Starting point is 00:44:55 The main medical examiner person was like, shut up, you assistant. Be quiet. I don't smell anything. And they're like, well, and also doesn't show any of the telltale signs of cyanide poisoning. Like her skin wasn't bright pink, that sort of thing. So she was like, blew her off. She was going to just put down that she died of natural causes, had an undiagnosed heart issue.
Starting point is 00:45:15 And Janet, later this doctor comes in to say to the main person. So what happened? And she starts to tell her like, oh, it's just a heart issue. And Janet's like, yo, motherfuckers, you should probably listen to me. And like told another doctor was like, good. This pitch is not listening to me. You should listen to me. Awesome.
Starting point is 00:45:35 Amazing. And her fucking politeness and saying and not staying in her lane might have saved a bunch of other lives. I bet it did. I bet it did. Because so when they sent Janet's, you know, tissue, blood, things. Sure. Information.
Starting point is 00:45:52 Information. When it was tested, it was verified that snow had died of an acute cyanide poisoning. And then I wrote. And Janet was like, boo, yeah, bitches. And toasted her badassness with her friends that night probably. Don't you think they all had like champagne? It was like, I fucking told this bitch. It was, it was fucking cyanide.

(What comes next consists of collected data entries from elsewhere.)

(* Fix an integer $d\ge 2$ and $\theta>0$. For the public goods game described in the context, with arbitrary real parameters $\mu_b,\mu_c,\sigma_b^2,\sigma_c^2,\sigma_{bc}$, we have $F>0$ if and only if $\sigma_{bc}-\sigma_c^2>2\mu_c$. In particular, this condition does not depend on $\theta$ or $d$. Moreover, $F$ is strictly decreasing in $\sigma_c^2$ and strictly increasing in $\sigma_{bc}$ when the other parameters are held fixed.
   Context: For integers $0\le k\le n$ and $\theta>0$ let $\psi_n^k=\frac{\prod_{i=1}^{k}(\theta+i-1)\prod_{j=1}^{n-k}(\theta+j-1)}{\prod_{l=1}^{n}(2\theta+l-1)}$ (empty products equal $1$). For real arrays $\mu_{C,k},\mu_{D,k},\sigma_{CC,kl},\sigma_{CD,kl},\sigma_{DD,kl}$ ($k,l=0,\ldots,d-1$) define $$F=\sum_{k=0}^{d-1}\binom{d-1}{k}\psi_{d+1}^{k+1}(\mu_{C,k}-\mu_{D,k})+\sum_{k,l=0}^{d-1}\binom{d-1}{k}\binom{d-1}{l}\Big[-\psi_{2d+1}^{k+l+2}(\sigma_{CC,kl}-\sigma_{CD,kl})+\psi_{2d+1}^{k+l+1}(\sigma_{DD,kl}-\sigma_{CD,kl})\Big].$$ Here $\mu_{C,k},\mu_{D,k}$ are the scaled means of the payoffs $a_k$ to a cooperator and $b_k$ to a defector having $k$ cooperating partners among $d-1$ in a group of size $d$, and $\sigma_{CC,kl},\sigma_{CD,kl},\sigma_{DD,kl}$ are the scaled second moments of $a_ka_l$, $a_kb_l$, $b_kb_l$ (each such expectation equals the scaled quantity times $\delta$ plus $o(\delta)$). In the paper's large-population weak-selection approximation, the average abundance of $C$ is $\tfrac12+\tfrac{\delta(1-u)}{u}F$, so weak selection favors the abundance of $C$ iff $F>0$. Public goods game: with random benefit $b$ and cost $c$ satisfying $E[b]=\mu_b\delta+o(\delta)$, $E[c]=\mu_c\delta+o(\delta)$, $E[b^2]=\sigma_b^2\delta+o(\delta)$, $E[c^2]=\sigma_c^2\delta+o(\delta)$, $E[bc]=\sigma_{bc}\delta+o(\delta)$, the payoffs are $a_k=\frac{k}{d-1}b-c$ and $b_k=\frac{k}{d-1}b$. Hence $\mu_{C,k}=\frac{k}{d-1}\mu_b-\mu_c$, $\mu_{D,k}=\frac{k}{d-1}\mu_b$, $\sigma_{CC,kl}=\frac{kl}{(d-1)^2}\sigma_b^2+\sigma_c^2-\frac{k+l}{d-1}\sigma_{bc}$, $\sigma_{CD,kl}=\frac{kl}{(d-1)^2}\sigma_b^2-\frac{l}{d-1}\sigma_{bc}$, $\sigma_{DD,kl}=\frac{kl}{(d-1)^2}\sigma_b^2$. *)

From mathcomp Require Import all_boot all_order all_algebra.
Set Implicit Arguments. Unset Strict Implicit. Unset Printing Implicit Defensive.
Import Order.TTheory GRing.Theory Num.Theory.
Local Open Scope ring_scope.

Definition psi {R : realFieldType} (th : R) (n k : nat) : R :=
  (\prod_(1 <= i < k.+1) (th + i%:R - 1)) *
  (\prod_(1 <= j < (n - k).+1) (th + j%:R - 1)) /
  (\prod_(1 <= l < n.+1) (2 * th + l%:R - 1)).

Definition Fgen {R : realFieldType} (th : R) (d : nat)
  (muC muD : nat -> R) (sCC sCD sDD : nat -> nat -> R) : R :=
  \sum_(0 <= k < d) ('C(d.-1, k))%:R * psi th d.+1 k.+1 * (muC k - muD k)
  + \sum_(0 <= k < d) \sum_(0 <= l < d)
      ('C(d.-1, k))%:R * ('C(d.-1, l))%:R *
      (- psi th (2 * d).+1 (k + l).+2 * (sCC k l - sCD k l)
       + psi th (2 * d).+1 (k + l).+1 * (sDD k l - sCD k l)).

Section PGG.
Context {R : realFieldType} (d : nat) (mub muc sb2 sc2 sbc : R).
Definition pgg_muC (k : nat) : R := k%:R / (d.-1)%:R * mub - muc.
Definition pgg_muD (k : nat) : R := k%:R / (d.-1)%:R * mub.
Definition pgg_sCC (k l : nat) : R :=
  (k * l)%:R / ((d.-1)%:R ^+ 2) * sb2 + sc2 - (k + l)%:R / (d.-1)%:R * sbc.
Definition pgg_sCD (k l : nat) : R :=
  (k * l)%:R / ((d.-1)%:R ^+ 2) * sb2 - l%:R / (d.-1)%:R * sbc.
Definition pgg_sDD (k l : nat) : R :=
  (k * l)%:R / ((d.-1)%:R ^+ 2) * sb2.
End PGG.

Definition F_pgg {R : realFieldType} (th : R) (d : nat)
  (mub muc sb2 sc2 sbc : R) : R :=
  Fgen th d (pgg_muC d mub muc) (pgg_muD d mub)
    (pgg_sCC d sb2 sc2 sbc) (pgg_sCD d sb2 sbc) (pgg_sDD d sb2).

(* Writing the rising factorial as x^(n), the weight psi_n^k equals
   w(k, n - k) with w(a, b) = th^(a) th^(b) / (2 th)^(a + b), the probability
   of one fixed draw sequence of a Polya urn.  Since (th + a) + (th + b) =
   2 th + (a + b), these weights obey w(a, b) = w(a + 1, b) + w(a, b + 1), so
   sum_k C(m, k) w(a + k, b + m - k) = w(a, b), and the same sum weighted by k
   equals m w(a + 1, b).  In the public goods game the moment differences
   entering F are -mu_c, sigma_c^2 - k sigma_bc / (d - 1) and
   l sigma_bc / (d - 1), all affine in the indices, so both sums in F collapse
   to F = w(2, 1) (sigma_bc - sigma_c^2 - 2 mu_c) with w(2, 1) > 0. *)

From mathcomp Require Import all_boot all_order all_algebra.
From mathcomp Require Import ring lra zify.
Set Implicit Arguments. Unset Strict Implicit. Unset Printing Implicit Defensive.
Import Order.TTheory GRing.Theory Num.Theory.
Local Open Scope ring_scope.

Definition rising {R : pzSemiRingType} (x : R) (n : nat) : R :=
  \prod_(i < n) (x + i%:R).

Lemma risingS {R : pzSemiRingType} (x : R) n :
  rising x n.+1 = rising x n * (x + n%:R).
Proof. by rewrite /rising big_ord_recr. Qed.

Lemma rising_shift {R : pzRingType} (x : R) n :
  \prod_(1 <= i < n.+1) (x + i%:R - 1) = rising x n.
Proof.
rewrite big_add1 /= big_mkord; apply: eq_bigr => i _.
by rewrite -addn1 natrD addrA addrK.
Qed.

Lemma rising_gt0 {R : numDomainType} (x : R) n : 0 < x -> 0 < rising x n.
Proof. by move=> x_gt0; apply: prodr_gt0 => i _; rewrite ltr_wpDr. Qed.

Section PolyaWeights.
Variables (R : numFieldType) (th : R).
Hypothesis th_gt0 : 0 < th.

Definition polya (a b : nat) : R :=
  rising th a * rising th b / rising (2 * th) (a + b).

Lemma polya_gt0 a b : 0 < polya a b.
Proof. by rewrite divr_gt0 ?mulr_gt0 ?rising_gt0 // mulr_gt0. Qed.

Lemma polyaC a b : polya a b = polya b a.
Proof. by rewrite /polya [rising th a * _]mulrC addnC. Qed.

Lemma polyaS a b : polya a b = polya a.+1 b + polya a b.+1.
Proof.
have den_gt0 : 0 < rising (2 * th) (a + b) by rewrite rising_gt0 ?mulr_gt0.
have step_gt0 : 0 < 2 * th + (a + b)%:R by rewrite ltr_wpDr // mulr_gt0.
rewrite /polya addSn addnS !risingS natrD in step_gt0 *.
by field; rewrite !gt_eqF.
Qed.

Lemma polya_binomial_sum n a b :
  \sum_(0 <= k < n.+1) 'C(n, k)%:R * polya (a + k) (b + (n - k)) = polya a b.
Proof.
elim: n a b => [|n IHn] a b; first by rewrite big_nat1 !addn0 mul1r.
rewrite big_nat_recl // bin0 mul1r addn0 subn0.
under eq_big_nat => k _ do rewrite binS natrD mulrDl.
rewrite big_split /= (polyaS a b) -[polya a.+1 b]IHn -[polya a b.+1]IHn.
rewrite addrA addrC; congr (_ + _).
  by apply: eq_big_nat => k _; rewrite subSS addnS addSn.
rewrite big_nat_recr //= bin_small // mul0r addr0.
rewrite [RHS]big_nat_recl // bin0 mul1r addn0 subn0 addSn addnS.
congr (_ + _); apply: eq_big_nat => k /andP[_ k_lt].
by congr (_ * polya _ _); lia.
Qed.

Lemma polya_binomial_mean n a b :
  \sum_(0 <= k < n.+1) k%:R * 'C(n, k)%:R * polya (a + k) (b + (n - k))
  = n%:R * polya a.+1 b.
Proof.
case: n => [|n]; first by rewrite big_nat1 !mul0r.
rewrite big_nat_recl // !mul0r add0r -(polya_binomial_sum n a.+1 b) mulr_sumr.
apply: eq_big_nat => k _.
by rewrite -natrM -mul_bin_diag natrM -mulrA subSS addnS addSn.
Qed.

Lemma polya_binomial_affine (x y : R) n a b :
  \sum_(0 <= k < n.+1) 'C(n, k)%:R * (x + y * k%:R) * polya (a + k) (b + (n - k))
  = x * polya a b + y * n%:R * polya a.+1 b.
Proof.
rewrite -mulrA -(polya_binomial_sum n a b) -(polya_binomial_mean n a b).
by rewrite !mulr_sumr -big_split /=; apply: eq_bigr => k _; ring.
Qed.
End PolyaWeights.

Lemma psi_polya {R : realFieldType} (th : R) n k :
  (k <= n)%N -> psi th n k = polya th k (n - k).
Proof. by move=> k_le_n; rewrite /psi /polya !rising_shift subnKC. Qed.

Section PsiMomentSums.
Variables (R : realFieldType) (th : R) (n : nat).
Hypothesis th_gt0 : 0 < th.

Lemma psi_first_moment_sum (x : R) :
  \sum_(0 <= k < n.+1) 'C(n, k)%:R * psi th n.+2 k.+1 * x = x * polya th 1 1.
Proof.
have := polya_binomial_affine th_gt0 x 0 n 1 1.
rewrite !mul0r addr0 => <-; apply: eq_big_nat => k /andP[_ k_le].
rewrite psi_polya; last lia.
have -> : (n.+2 - k.+1 = 1 + (n - k))%N by lia.
rewrite add1n; ring.
Qed.

Lemma psi_second_moment_inner (u v : R) k : (k < n.+1)%N ->
  \sum_(0 <= l < n.+1) 'C(n, k)%:R * 'C(n, l)%:R *
    (- psi th (2 * n.+1).+1 (k + l).+2 * (u - v * k%:R)
     + psi th (2 * n.+1).+1 (k + l).+1 * (v * l%:R))
  = 'C(n, k)%:R * ((v * k%:R - u) * polya th k.+2 (n - k).+1
                   + v * n%:R * polya th k.+2 (n - k).+2).
Proof.
move=> k_lt.
have := polya_binomial_affine th_gt0 (v * k%:R - u) 0 n k.+2 (n - k).+1.
have := polya_binomial_affine th_gt0 0 v n k.+1 (n - k).+2.
rewrite !mul0r add0r addr0 => <- <-.
rewrite -big_split mulr_sumr; apply: eq_big_nat => l /andP[_ l_le_n].
rewrite !psi_polya; try lia.
have -> : ((2 * n.+1).+1 - (k + l).+2 = (n - k).+1 + (n - l))%N by lia.
have -> : ((2 * n.+1).+1 - (k + l).+1 = (n - k).+2 + (n - l))%N by lia.
by rewrite /= !addSn; ring.
Qed.

Lemma psi_second_moment_sum (u v : R) :
  \sum_(0 <= k < n.+1) \sum_(0 <= l < n.+1) 'C(n, k)%:R * 'C(n, l)%:R *
    (- psi th (2 * n.+1).+1 (k + l).+2 * (u - v * k%:R)
     + psi th (2 * n.+1).+1 (k + l).+1 * (v * l%:R))
  = (v * n%:R - u) * polya th 2 1.
Proof.
under eq_big_nat => k /andP[_ k_lt] do rewrite psi_second_moment_inner //.
have -> : (v * n%:R - u) * polya th 2 1
    = (- u * polya th 2 1 + v * n%:R * polya th 3 1) + v * n%:R * polya th 2 2.
  by rewrite (polyaS th_gt0 2 1); ring.
rewrite -(polya_binomial_affine th_gt0 (- u) v n 2 1).
have := polya_binomial_affine th_gt0 (v * n%:R) 0 n 2 2.
rewrite !mul0r addr0 => <-.
rewrite -big_split; apply: eq_big_nat => k _.
by rewrite /= !add2n add1n; ring.
Qed.
End PsiMomentSums.

Section PublicGoodsMoments.
Variables (R : realFieldType) (d : nat) (mub muc sb2 sc2 sbc : R).

Lemma pgg_muC_sub_muD k : pgg_muC d mub muc k - pgg_muD d mub k = - muc.
Proof. by rewrite /pgg_muC /pgg_muD; ring. Qed.

Lemma pgg_sCC_sub_sCD k l :
  pgg_sCC d sb2 sc2 sbc k l - pgg_sCD d sb2 sbc k l = sc2 - sbc / (d.-1)%:R * k%:R.
Proof. by rewrite /pgg_sCC /pgg_sCD natrD; ring. Qed.

Lemma pgg_sDD_sub_sCD k l :
  pgg_sDD d sb2 k l - pgg_sCD d sb2 sbc k l = sbc / (d.-1)%:R * l%:R.
Proof. by rewrite /pgg_sDD /pgg_sCD; ring. Qed.
End PublicGoodsMoments.

Lemma F_pggE {R : realFieldType} (th : R) n mub muc sb2 sc2 sbc :
  0 < th -> (0 < n)%N ->
  F_pgg th n.+1 mub muc sb2 sc2 sbc = polya th 2 1 * (sbc - sc2 - 2 * muc).
Proof.
move=> th_gt0 n_gt0; rewrite /F_pgg /Fgen /=.
under eq_bigr => k _ do rewrite pgg_muC_sub_muD.
under [X in _ + X]eq_bigr => k _ do under eq_bigr => l _ do
  rewrite pgg_sCC_sub_sCD pgg_sDD_sub_sCD.
rewrite psi_first_moment_sum // psi_second_moment_sum //.
rewrite (polyaS th_gt0 1 1) (polyaC th 1 2).
by field; rewrite pnatr_eq0 -lt0n.
Qed.

Theorem mainTheorem3 (R : realFieldType) (d : nat) (th : R) :
  (2 <= d)%N -> 0 < th ->
  (forall mub muc sb2 sc2 sbc : R,
     0 < F_pgg th d mub muc sb2 sc2 sbc <-> 2 * muc < sbc - sc2)
  /\ (forall mub muc sb2 sbc s1 s2 : R, s1 < s2 ->
        F_pgg th d mub muc sb2 s2 sbc < F_pgg th d mub muc sb2 s1 sbc)
  /\ (forall mub muc sb2 sc2 s1 s2 : R, s1 < s2 ->
        F_pgg th d mub muc sb2 sc2 s1 < F_pgg th d mub muc sb2 sc2 s2).
Proof.
case: d => [|n] // n_gt0 th_gt0.
have p21_gt0 := polya_gt0 th_gt0 2 1.
split; [|split] => *; rewrite !F_pggE //.
- by rewrite pmulr_rgt0 // subr_gt0.
- by rewrite ltr_pM2l //; lra.
- by rewrite ltr_pM2l //; lra.
Qed.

Starting point is 00:46:07 But also why resist if you're looking into someone's death? A 40 year old woman dies unexpectedly. There's no explanation. And someone smells the faintest bit of fucking bitter almonds. Yeah. And also just like it's that thing of how many years of corners being like, I guess it's a, it was a heart embolism or like some weird made up thing where it's like, or look into it. Right.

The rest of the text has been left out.